Note: Sorry I completely forgot to actually post this instead of draft it.
I went to a conference presentation a few years ago and the topic stuck with me because Dr. John McNeill (Georgetown University) insisted on defining space exploration in the context of human exploration. Satellites and scientific missions counted as something else, not exploration, because it did not involve something like humans setting foot on the moon.
As a result, the central question that my digital story will revolve around asks:
What does exploration mean? Does exploration necessarily imply human exploration, as opposed to robotic exploration?
The answer to this question provides some context for the “so, what?” in my dissertation on several space science missions, including Voyager and the Mars rovers. Because my research will delve into the imagery and public relations efforts surrounding the missions, the digital storytelling format may prove advantageous for analyzing the importance of this question. As a result, I expect the digital story to remain somewhat abstract as a thought provoking piece. I expect the primary audience for the story to be myself, as a way to organize some of the visual material and ideas, but would appreciate any feedback or reactions to the concepts presented.

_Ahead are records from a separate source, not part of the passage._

Lemma coef_partial_term_same P n k i m :
  (partial_term P n k i k)`_m =
  if (m < P - i)%N then 0 else (poch_cofactor P n k)`_(m - (P - i)).
Proof. by rewrite /partial_term pole_factor_kk coefMXn. Qed.

Lemma coef_Rn_numer_low p s n k r : (1 <= k <= n)%N -> partial_fraction p s n r ->
  forall m, (m < p - 1 + s)%N ->
  (Rn_numer p s n k)`_m =
  \sum_(w < m.+1) r (p - 1 + s - w)%N k * (poch_cofactor (p - 1 + s) n k)`_(m - w).
Proof.
move=> /andP[k_ge1 le_kn] r_pf m; set P := (p - 1 + s)%N => lt_mP.
rewrite (Rn_numer_partial_fraction k r_pf) coef_sum.
under eq_big_nat => i /andP[i_ge1 lt_iP].
  rewrite coef_sum (bigD1_seq k) ?iota_uniq ?mem_index_iota ?k_ge1 ?ltnS //=.
  rewrite big1 => [|k' ne_k'k]; last by rewrite coefZ coef_partial_term_other ?mulr0.
  rewrite addr0 coefZ coef_partial_term_same.
over.
rewrite big_add1 /= big_nat_rev /= add0n -/P.
rewrite (eq_big_nat _ _ (F2 := fun w =>
    r (P - w)%N k * if (m < w)%N then 0 else (poch_cofactor P n k)`_(m - w))); last first.
  by move=> w /andP[_ lt_wP]; rewrite subnSK // subKn // ltnW.
rewrite (big_cat_nat _ (n := m.+1)) //= [X in _ + X]big1_seq ?addr0 => [|w]; last first.
  by rewrite mem_index_iota => /andP[_ /andP[lt_mw _]]; rewrite lt_mw mulr0.
by rewrite big_mkord; apply: eq_bigr => -[w lt_wm] /=; rewrite ltnNge -ltnS lt_wm.
Qed.

Lemma natr_sub_sign (R : pzRingType) (k l : nat) :
  l%:R - k%:R = (-1) ^+ (l < k)%N * ((k - l) + (l - k))%:R :> R.
Proof.
case: ltnP => [lt_lk|le_kl].
  have /eqP -> : (l - k == 0)%N by rewrite subn_eq0 ltnW.
  by rewrite addn0 mulN1r natrB ?opprB // ltnW.
have /eqP -> : (k - l == 0)%N by rewrite subn_eq0.
by rewrite add0n mul1r natrB.
Qed.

While the research questions may remain my own, the elements of the digital story will be taken from actual sources such as news releases, images, and publications. Although the publications may be under copyright, the images usually reside within the public domain and careful usage should prevent major copyright infringement.
The following paragraph in the conclusion of the essay, “Gigantic Follies? Human Exploration and the Space Age in Long-term Historical Perspective” by J. R. McNeill in Remembering the Space Age, presents an interesting scenario that may end up as a quote within the digital story:
“Space exploration may survive on one or another basis, but it still will
not loom large in terms of human history unless something really new and
interesting happens, the sort of thing people in the space business probably
dream about—finding intelligent and agreeable (or at least neutral) life out
there or colonizing new corners of the universe—or probably have nightmares
about—developing effective space-based weapons suitable for use against
earthly enemies or finding intelligent but hostile life out there. If any of these
things happen, then the first 50 years of space exploration will look like the
beginning of something of epic significance. If they don’t, it will look like
a small step for mankind that led nowhere, and did not amount to much in
the balance before being consigned to the dustbin of history. It is indeed too
soon to judge whether the whole enterprise is a gigantic folly diverting money
and talent from more urgent applications, a noble calling consonant with our
deepest nature, or something else altogether.”